Currently, Southwestern’s completion operations during the fracture stimulation phase are predominately consecutive operations using “zipper” style techniques (i.e. hydraulic fracturing alternating between two wells, with one well being stimulated while operators on the other well are perforating or setting plugs).

These frac operations are conducted 24 hours a day, seven days a week, Bergeron said.

The company has followed a “vertical integration strategy” to maximize efficiency that has involved:

Using fit-for-purpose rigs;

Gathering its gas production (plus third-party production); and

Establishing its own water resources team that sources

water for fracture stimulation operations.

With water management a primary concern in shale development, Southwestern has constructed 167 ponds that are the property of the landowners and collectively hold 67 MMbbl of water. It also has entered contracts for the use of 250 ponds previously constructed by private landowners that can hold 38 MMbbl. Additionally, the team manages 350 permits for creek and stream withdrawals, allowing for an annual usage of 40 MMbbl.

As part of its vertical integration, Southwestern has formed an internal sand company complete with a company-owned sand mine, which opened in November 2009, that produces the majority of its proppant.

In September 2009, Southwestern also established a Logistics Operations Center (LOC) to manage the movement of approximately 5,000 tractor trailer loads of water, drilling fluids, and proppant per week in the field, 24 hour a day, seven days per week. The LOC also helps to reduce road traffic, which can result in safer roads and more efficient transportation, Bergeron said.
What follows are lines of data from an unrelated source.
Section ProductLaw.
Variables (R : realType) (k L : nat) (O1 O2 : finType).
Notation C1 := {ffun 'I_k -> O1}.
Notation C2 := {ffun 'I_k -> O2}.
Notation W := (C1 * C2)%type.
Notation Cfg := {ffun 'I_L -> W}.
Implicit Types (c : Cfg) (t : 'I_L) (w : W) (nu : 'I_L -> W -> R).

Definition set_col c t w : Cfg := [ffun i => if i == t then w else c i].

Definition Eprod nu (K : Cfg -> R) := \sum_(c : Cfg) (\prod_i nu i (c i)) * K c.

Definition rest_weight nu t c := \prod_(i | i != t) nu i (c i).

Lemma set_col_at c t w : set_col c t w t = w.
Proof. by rewrite ffunE eqxx. Qed.

Lemma set_col_ne c t w i : i != t -> set_col c t w i = c i.
Proof. by rewrite ffunE => /negbTE ->. Qed.

Lemma set_col_set_col c t w w' : set_col (set_col c t w) t w' = set_col c t w'.
Proof. by apply/ffunP => i; rewrite !ffunE; case: eqP. Qed.

Lemma set_col_id c t : set_col c t (c t) = c.
Proof. by apply/ffunP => i; rewrite !ffunE; case: eqP => // ->. Qed.

Lemma rest_weight_set_col nu t c w : rest_weight nu t (set_col c t w) = rest_weight nu t c.
Proof. by apply: eq_bigr => i; rewrite /= => /set_col_ne ->. Qed.

Lemma Eprod_split_col nu t w0 K : Eprod nu K =
  \sum_(c : Cfg | c t == w0) rest_weight nu t c * \sum_w nu t w * K (set_col c t w).
Proof.
pose term c := (\prod_i nu i (c i)) * K c.
have termE c w : rest_weight nu t c * (nu t w * K (set_col c t w)) = term (set_col c t w).
  rewrite /term (bigD1 t) //= set_col_at -(rest_weight_set_col nu t c w) /rest_weight; ring.
under eq_bigr do rewrite mulr_sumr; under eq_bigr do under eq_bigr do rewrite termE.
rewrite exchange_big /= /Eprod (partition_big (fun c : Cfg => c t) xpredT) //=.
apply: eq_bigr => w _.
rewrite (reindex_onto (fun c => set_col c t w) (fun c => set_col c t w0)); last first.
  by move=> c /eqP <-; rewrite set_col_set_col set_col_id.
apply: eq_bigl => c; rewrite set_col_at eqxx set_col_set_col.
by apply/eqP/eqP => [<-|<-]; rewrite ?set_col_at ?set_col_id.
Qed.
(* Let $R$ be a commutative ring and $f\in R$. If $Rf^n$ is a projective $R$-module for some $n\geq 1$, then for every $k\geq n$ the $R$-module $Rf^k$ is canonically isomorphic to $Rf^n$ (equivalently, $\operatorname{Ann}(f^k)=\operatorname{Ann}(f^n)$ for all $k\geq n$). *)

From HB Require Import structures.
From mathcomp Require Import all_boot all_order all_algebra.
Set Implicit Arguments. Unset Strict Implicit. Unset Printing Implicit Defensive.
Import GRing.Theory.
Local Open Scope ring_scope.

Definition principal_ideal (R : comPzRingType) (a : R) : R -> Prop :=
  fun x => exists r : R, x = r * a.

(* An R-linear map from a submodule S of R (given by a predicate on R) to an
   R-module N is represented by a function h : R -> N that is R-linear on S;
   its values outside S are irrelevant. *)
Definition linear_on (R : comPzRingType) (S : R -> Prop) (N : lmodType R)
  (h : R -> N) : Prop :=
  forall (c : R) (x y : R), S x -> S y -> h (c * x + y) = c *: h x + h y.

Definition projective_submodule (R : comPzRingType) (S : R -> Prop) : Prop :=
  forall (M N : lmodType R) (g : {linear M -> N}),
    (forall y : N, exists x : M, g x = y) ->
    forall h : R -> N, linear_on S h ->
    exists l : R -> M, linear_on S l /\ (forall x, S x -> g (l x) = h x).

From HB Require Import structures.
From mathcomp Require Import all_boot all_order all_algebra.
From mathcomp Require Import boolp.
Import GRing.Theory.
Local Open Scope ring_scope.

(** Projectivity of [R a] splits the surjection [R -> R a, r |-> r a]; the
    splitting sends [a] to some [u] with [u a = a] that is killed by
    [Ann(a)]. For [a = f^n] with [n >= 1], if [x f^(n+1) = 0] then [x f] lies
    in [Ann(f^n)], so [x f u = 0] and [x f^n = x u f^n = (x f u) f^(n-1) = 0].
    Thus the chain [Ann(f^k)] is stationary from [n] on, which is exactly
    injectivity of multiplication by [f^(k-n)] on [R f^n]; its image is
    [R f^k] in any case. *)

Section CyclicSubmodule.
Context {R : comPzRingType} {a : R}.

Definition principal_idealb : pred R^o := fun x => `[< principal_ideal a x >].

Lemma principal_idealP x : reflect (principal_ideal a x) (x \in principal_idealb).
Proof. exact: asboolP. Qed.

Lemma principal_ideal_submod_closed : submod_closed principal_idealb.
Proof.
split; first by apply/principal_idealP; exists 0; rewrite mul0r.
move=> c x y /principal_idealP[r ->] /principal_idealP[s ->].
by apply/principal_idealP; exists (c * r + s); rewrite mulrDl -mulrA.
Qed.

HB.instance Definition _ := GRing.isSubmodClosed.Build R R^o principal_idealb
  (GRing.submod_closed_semi principal_ideal_submod_closed).

Inductive cyclic_submod : predArgType := CyclicSubmod x & x \in principal_idealb.
Definition cyclic_val (u : cyclic_submod) : R^o := let: CyclicSubmod x _ := u in x.

HB.instance Definition _ := [isSub for cyclic_val].
HB.instance Definition _ := [Choice of cyclic_submod by <:].
HB.instance Definition _ := [SubChoice_isSubLmodule of cyclic_submod by <:].

Lemma mulr_in_principal (r : R^o) : r * a \in principal_idealb.
Proof. by apply/principal_idealP; exists r. Qed.

Definition mul_generator (r : R^o) : cyclic_submod := Sub (r * a) (mulr_in_principal r).

Lemma mul_generator_is_linear : linear mul_generator.
Proof. by move=> c r s; apply: val_inj; rewrite /= mulrDl -mulrA. Qed.

HB.instance Definition _ := GRing.isLinear.Build R R^o cyclic_submod *:%R
  mul_generator mul_generator_is_linear.

Lemma mul_generator_surj (u : cyclic_submod) : exists r, mul_generator r = u.
Proof.
by have /principal_idealP[r ex] := valP u; exists r; apply: val_inj; rewrite ex.
Qed.

Lemma linear_on_insubd : linear_on (principal_ideal a) (insubd (0 : cyclic_submod)).
Proof.
move=> c x y /principal_idealP Px /principal_idealP Py; apply: val_inj.
by rewrite /= !insubdK ?rpredD ?rpredZ.
Qed.

Lemma projective_principal_split : projective_submodule (principal_ideal a) ->
  exists u : R, u * a = a /\ forall y, y * a = 0 -> y * u = 0.
Proof.
move=> /(_ _ _ mul_generator mul_generator_surj _ linear_on_insubd) [l [l_lin l_lift]].
have Pa : principal_ideal a a by exists 1; rewrite mul1r.
have P0 : principal_ideal a 0 by exists 0; rewrite mul0r.
have l0 : l 0 = 0 by have := l_lin (-1) 0 0 P0 P0; rewrite mulr0 add0r scaleN1r addNr.
exists (l a); split=> [|y ya].
  by have /(congr1 val) := l_lift a Pa; rewrite /= insubdK //; exact/principal_idealP.
by have := l_lin y a 0 Pa P0; rewrite addr0 ya l0 addr0 => /esym.
Qed.
End CyclicSubmodule.

Section AnnihilatorOfPowers.
Context {R : comPzRingType} {f : R}.

Lemma ann_exp_succ {m : nat} {u : R} :
  u * f ^+ m.+1 = f ^+ m.+1 -> (forall y, y * f ^+ m.+1 = 0 -> y * u = 0) ->
  forall x, x * f ^+ m.+2 = 0 -> x * f ^+ m.+1 = 0.
Proof.
move=> uf uann x xf2.
have xfu : x * f * u = 0 by apply: uann; rewrite -mulrA -exprS.
by rewrite -uf exprS !mulrA -(mulrA x) (mulrC u) mulrA xfu !mul0r.
Qed.

Lemma ann_exp_stable {n : nat} :
  (forall x, x * f ^+ n.+1 = 0 -> x * f ^+ n = 0) ->
  forall k, (n <= k)%N -> forall x, x * f ^+ k = 0 <-> x * f ^+ n = 0.
Proof.
move=> ann_succ k nk; rewrite -(subnK nk).
elim: (k - n)%N => [|d IH] x; first by rewrite add0n.
rewrite addSn exprS mulrA; apply: iff_trans (IH (x * f)) _; rewrite -mulrA -exprS.
by split=> [/ann_succ // | xf]; rewrite exprSr mulrA xf mul0r.
Qed.

End AnnihilatorOfPowers.

Lemma mulr_inj_principal (R : comPzRingType) (a b : R) :
  (forall x, x * (b * a) = 0 -> x * a = 0) ->
  forall x y, principal_ideal a x -> principal_ideal a y -> b * x = b * y -> x = y.
Proof.
move=> ann _ _ [r ->] [s ->] e; apply/eqP; rewrite -subr_eq0 -mulrBl; apply/eqP/ann.
by rewrite mulrBl mulrCA e -mulrCA subrr.
Qed.

Lemma principal_mulr_image (R : comPzRingType) (a b z : R) :
  principal_ideal (b * a) z -> exists2 x, principal_ideal a x & b * x = z.
Proof. by move=> [r ->]; exists (r * a); [exists r | rewrite mulrCA mulrA]. Qed.

Theorem proposition2p8 (R : comPzRingType) (f : R) (n : nat) :
  (1 <= n)%N ->
  projective_submodule (principal_ideal (f ^+ n)) ->
  forall k : nat, (n <= k)%N ->
    (* the canonical map R f^n -> R f^k, x |-> f^(k-n) x, is an isomorphism *)
    ((forall x y : R, principal_ideal (f ^+ n) x -> principal_ideal (f ^+ n) y ->
        f ^+ (k - n) * x = f ^+ (k - n) * y -> x = y) /\
     (forall z : R, principal_ideal (f ^+ k) z ->
        exists2 x : R, principal_ideal (f ^+ n) x & f ^+ (k - n) * x = z))
    /\
    (* equivalently, Ann(f^k) = Ann(f^n) *)
    (forall x : R, x * f ^+ k = 0 <-> x * f ^+ n = 0).
Proof.
move=> n_gt0 proj_fn k nk.
have [u [ufn uann]] := projective_principal_split proj_fn.
have ann : forall x, x * f ^+ k = 0 <-> x * f ^+ n = 0.
  case: n n_gt0 {proj_fn} nk ufn uann => // m _ mk ufn uann.
  exact: ann_exp_stable (ann_exp_succ ufn uann) _ mk.
have fk : f ^+ k = f ^+ (k - n) * f ^+ n by rewrite -exprD subnK.
split=> //; split=> [|z]; last by rewrite fk; apply: principal_mulr_image.
by apply: mulr_inj_principal => x; rewrite -fk => /ann.
Qed.
(* Let $n\ge2$ and let $\mathrm S=\mathrm S_1\cup\mathrm S_2\cup\mathrm S_3$ with $\mathrm S_1\subseteq\{B_{ij}:1\le i<j\le n\}$, $\mathrm S_2\subseteq\{C_{ij}:1\le i<j\le n\}$, $\mathrm S_3\subseteq\{D_{ij}:1\le i<j\le n\}$, and let $\mathscr G_{\mathrm S}$ be its associated edge-colored multigraph. Then the real Lie algebra generated by $\mathrm S$ equals $\mathfrak{su}(n)$ if and only if one of the following holds: (i) $\mathscr G_{\mathrm S}$ has edges of at least two colors, and the Blue edges together with the node set $\{1,\dots,n\}$ form a connected graph; (ii) $\mathscr G_{\mathrm S}$ is connected and has a self-loop; (iii) $\mathscr G_{\mathrm S}$ is connected and has a cycle containing an odd number of Red edges.
   Context: $E_{ij}$ is the $n\times n$ matrix unit; $B_{ij}=E_{ij}-E_{ji}$, $C_{ij}=\mathrm i(E_{ij}+E_{ji})$, $D_{ij}=\mathrm i(E_{ii}-E_{jj})$; $\mathfrak{su}(n)$ is the real Lie algebra of traceless skew-Hermitian $n\times n$ matrices with bracket $[X,Y]=XY-YX$. The edge-colored multigraph $\mathscr G_{\mathrm S}$ has node set $\{1,\dots,n\}$, a Blue edge $\{i,j\}$ for each $B_{ij}\in\mathrm S_1$, a Red edge $\{i,j\}$ for each $C_{ij}\in\mathrm S_2$, and Green self-loops $\{i,i\}$ and $\{j,j\}$ for each $D_{ij}\in\mathrm S_3$; edges with same endpoints but different colors are distinct. A walk alternates nodes and edges with consecutive endpoints; a cycle is a closed walk; connected means any two nodes are joined by a walk. *)

From mathcomp Require Import all_boot all_order all_algebra all_reals.
From mathcomp Require Import complex.
Set Implicit Arguments. Unset Strict Implicit. Unset Printing Implicit Defensive.
Import Order.TTheory GRing.Theory Num.Theory.
Local Open Scope ring_scope.

Section Defs.
Variables (R : realType) (n : nat).
Local Notation C := (R[i]).
Local Notation M := ('M[C]_n).

Definition matB (i j : 'I_n) : M := delta_mx i j - delta_mx j i.
Definition matC (i j : 'I_n) : M := (Complex 0 1 : C) *: (delta_mx i j + delta_mx j i).
Definition matD (i j : 'I_n) : M := (Complex 0 1 : C) *: (delta_mx i i - delta_mx j j).

Definition in_su (A : M) : Prop := (map_mx Num.conj A)^T = - A /\ \tr A = 0.

Inductive lie_gen (S : M -> Prop) : M -> Prop :=
| lg_gen A : S A -> lie_gen S A
| lg_zero : lie_gen S 0
| lg_add A B : lie_gen S A -> lie_gen S B -> lie_gen S (A + B)
| lg_scale (r : R) A : lie_gen S A -> lie_gen S ((Complex r 0 : C) *: A)
| lg_br A B : lie_gen S A -> lie_gen S B -> lie_gen S (A *m B - B *m A).

Definition gen_set (E1 E2 E3 : {set 'I_n * 'I_n}) (A : M) : Prop :=
  (exists2 p, p \in E1 & A = matB p.1 p.2) \/
  (exists2 p, p \in E2 & A = matC p.1 p.2) \/
  (exists2 p, p \in E3 & A = matD p.1 p.2).

Inductive color := Blue | Red | Green.

Definition is_red (c : color) : bool := if c is Red then true else false.
Definition is_blue (c : color) : bool := if c is Blue then true else false.

Definition colored_edge (E1 E2 E3 : {set 'I_n * 'I_n}) (c : color) (x y : 'I_n) : bool :=
  match c with
  | Blue => ((x, y) \in E1) || ((y, x) \in E1)
  | Red => ((x, y) \in E2) || ((y, x) \in E2)
  | Green => (x == y) && [exists z, ((x, z) \in E3) || ((z, x) \in E3)]
  end.

Fixpoint is_walk (E1 E2 E3 : {set 'I_n * 'I_n}) (x : 'I_n) (s : seq (color * 'I_n)) : bool :=
  match s with
  | [::] => true
  | (c, y) :: s' => colored_edge E1 E2 E3 c x y && is_walk E1 E2 E3 y s'
  end.

Definition walk_end (x : 'I_n) (s : seq (color * 'I_n)) : 'I_n := last x (map snd s).

Definition connected_graph (E1 E2 E3 : {set 'I_n * 'I_n}) : Prop :=
  forall x y : 'I_n, exists s, is_walk E1 E2 E3 x s /\ walk_end x s = y.
(* (1) If $t_1 : X_1 \to X'_1$ with proof label $\theta_1$ and $t_2 : X_2\to X'_2$ with proof label $\theta_2$ are connected CCSK$^{\mathrm P}$ transitions (each forward or backward), then $\theta_1\frown\theta_2$. (2) If $\theta_1\frown\theta_2$, then there exist CCSK$^{\mathrm P}$ transitions $t_1: X_1\to X'_1$ with proof label $\theta_1$ and $t_2: X_2\to X'_2$ with proof label $\theta_2$ (each forward or backward) such that $t_1$ and $t_2$ are connected.
   Context: Names $\mathsf N$ with a bijection $\overline{\cdot}$ onto disjoint co-names $\overline{\mathsf N}$; labels $\mathsf L=\mathsf N\cup\overline{\mathsf N}\cup\{\tau\}$ ($\alpha$ ranges over $\mathsf L$, $\lambda$ over $\mathsf L\setminus\{\tau\}$, $\overline\tau=\tau$); $\mathsf K$ a denumerable set of keys. CCSK processes: $X,Y::=\mathbf 0\mid\alpha.X\mid X\backslash\lambda\mid X+Y\mid X|Y\mid\alpha[k].X$; $\mathrm{keys}(X)$ is the set of keys occurring in $X$; $X$ is standard if $\mathrm{keys}(X)=\emptyset$. Directions $D\in\{\mathrm L,\mathrm R\}$, $\bar{\mathrm L}=\mathrm R$, $\bar{\mathrm R}=\mathrm L$. Proof keyed labels: $\theta::=\upsilon\,\alpha[k]\mid\upsilon\langle\upsilon_1\lambda[k],\upsilon_2\overline\lambda[k]\rangle$ with $\upsilon,\upsilon_1,\upsilon_2\in\{|_{\mathrm L},|_{\mathrm R},+_{\mathrm L},+_{\mathrm R}\}^*$; $\ell(\upsilon\alpha[k])=\alpha$, $\ell(\upsilon\langle\cdots\rangle)=\tau$, $\mathrm{key}(\theta)=k$. Forward transitions $X\xrightarrow{\theta}X'$ of CCSK$^{\mathrm P}$ form the least relation closed under: (act) $\alpha.X\xrightarrow{\alpha[k]}\alpha[k].X$ for any $k$, if $\mathrm{keys}(X)=\emptyset$; (pre) if $X\xrightarrow\theta X'$ and $\mathrm{key}(\theta)\ne k$ then $\alpha[k].X\xrightarrow\theta\alpha[k].X'$; (res) if $X\xrightarrow\theta X'$ and $\ell(\theta)\notin\{\lambda,\overline\lambda\}$ then $X\backslash\lambda\xrightarrow\theta X'\backslash\lambda$; (par) if $X\xrightarrow\theta X'$ and $\mathrm{key}(\theta)\notin\mathrm{keys}(Y)$ then $X|Y\xrightarrow{|_{\mathrm L}\theta}X'|Y$ and $Y|X\xrightarrow{|_{\mathrm R}\theta}Y|X'$; (syn) if $X\xrightarrow{\upsilon_1\lambda[k]}X'$ and $Y\xrightarrow{\upsilon_2\overline\lambda[k]}Y'$ then $X|Y\xrightarrow{\langle\upsilon_1\lambda[k],\upsilon_2\overline\lambda[k]\rangle}X'|Y'$; (sum) if $X\xrightarrow\theta X'$ and $\mathrm{keys}(Y)=\emptyset$ then $X+Y\xrightarrow{+_{\mathrm L}\theta}X'+Y$ and $Y+X\xrightarrow{+_{\mathrm R}\theta}Y+X'$. Backward transitions are the converse: a backward transition from $Y$ to $X$ with label $\theta$ exists iff $X\xrightarrow\theta Y$. A transition has a source, target and proof label; a path is a finite sequence of (forward or backward) transitions each of whose target is the source of the next. A process is reachable if there is a path from a standard process to it; only reachable processes are considered. Transitions $t_1,t_2$ are connected if there is a path from the source of one to the target of the other. Connectivity $\frown$ on proof keyed labels is the least relation closed under (a label ''is a prefix'' if it has the form $\beta[k']$; $\theta_{\mathrm L},\theta_{\mathrm R}$ are the components of a synchronisation label): (A1) $\alpha[k]\frown\theta$; (A2) $\theta\frown\alpha[k]$ if $\theta$ is not a prefix; (P1) $|_D\theta\frown|_D\theta'$ if $\theta\frown\theta'$; (P2) $|_D\theta\frown|_{\bar D}\theta'$; (C1) $+_D\theta\frown+_D\theta'$ if $\theta\frown\theta'$; (C2) $+_D\theta\frown+_{\bar D}\theta'$; (S1) $|_D\theta\frown\langle\theta_{\mathrm L},\theta_{\mathrm R}\rangle$ if $\theta\frown\theta_D$; (S2) $\langle\theta_{\mathrm L},\theta_{\mathrm R}\rangle\frown|_D\theta$ if $\theta_D\frown\theta$; (S3) $\langle\theta_1,\theta_2\rangle\frown\langle\theta'_1,\theta'_2\rangle$ if $\theta_1\frown\theta'_1$ and $\theta_2\frown\theta'_2$. *)

From Stdlib Require Import List Relation_Operators.
Import ListNotations.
Similarly, the company opened a technical center in October 2010 that collects samples and performs lab analysis on water, drilling fluids, sand, and other earth materials, in addition to natural gas. By performing many of its own services in the play, Bergeron said the company estimates it is saving approximately $230,000 per well.

Efficiency gains

“While the company has been a leading example of how the gains in knowledge and technology in the Fayetteville have bolstered its production and reserves, the amount of work that is still yet to be done, and resulting gains in efficiency, are often overlooked,” Bergeron said.

He noted that unlike many areas where costs are increasing, Southwestern’s cost to drill and complete wells in the Fayetteville have been flat to declining over the past three years. Another example Bergeron cited is the time to drill Southwestern’s Fayetteville wells, where the time from reentry-to-reentry has dropped from an average of 11 days in 2010 to an average of 8 days in 2011.

Citing more than 10,000 gross wells yet to be drilled by the company, Bergeron said there is much more to be learned and talked about regarding what it takes to effectively develop the Fayetteville shale.

“Despite these milestones, the company is not satisfied,” he said, noting that Southwestern will continue to strive to find ways to learn more about how to make this very tight rock more productive for less cost.

Firmly rooted in the Arkansas Fayetteville for many decades, “Southwestern is committed to timely drilling its large inventory of wells while remaining the lowest-cost producer in the play,” Bergeron said.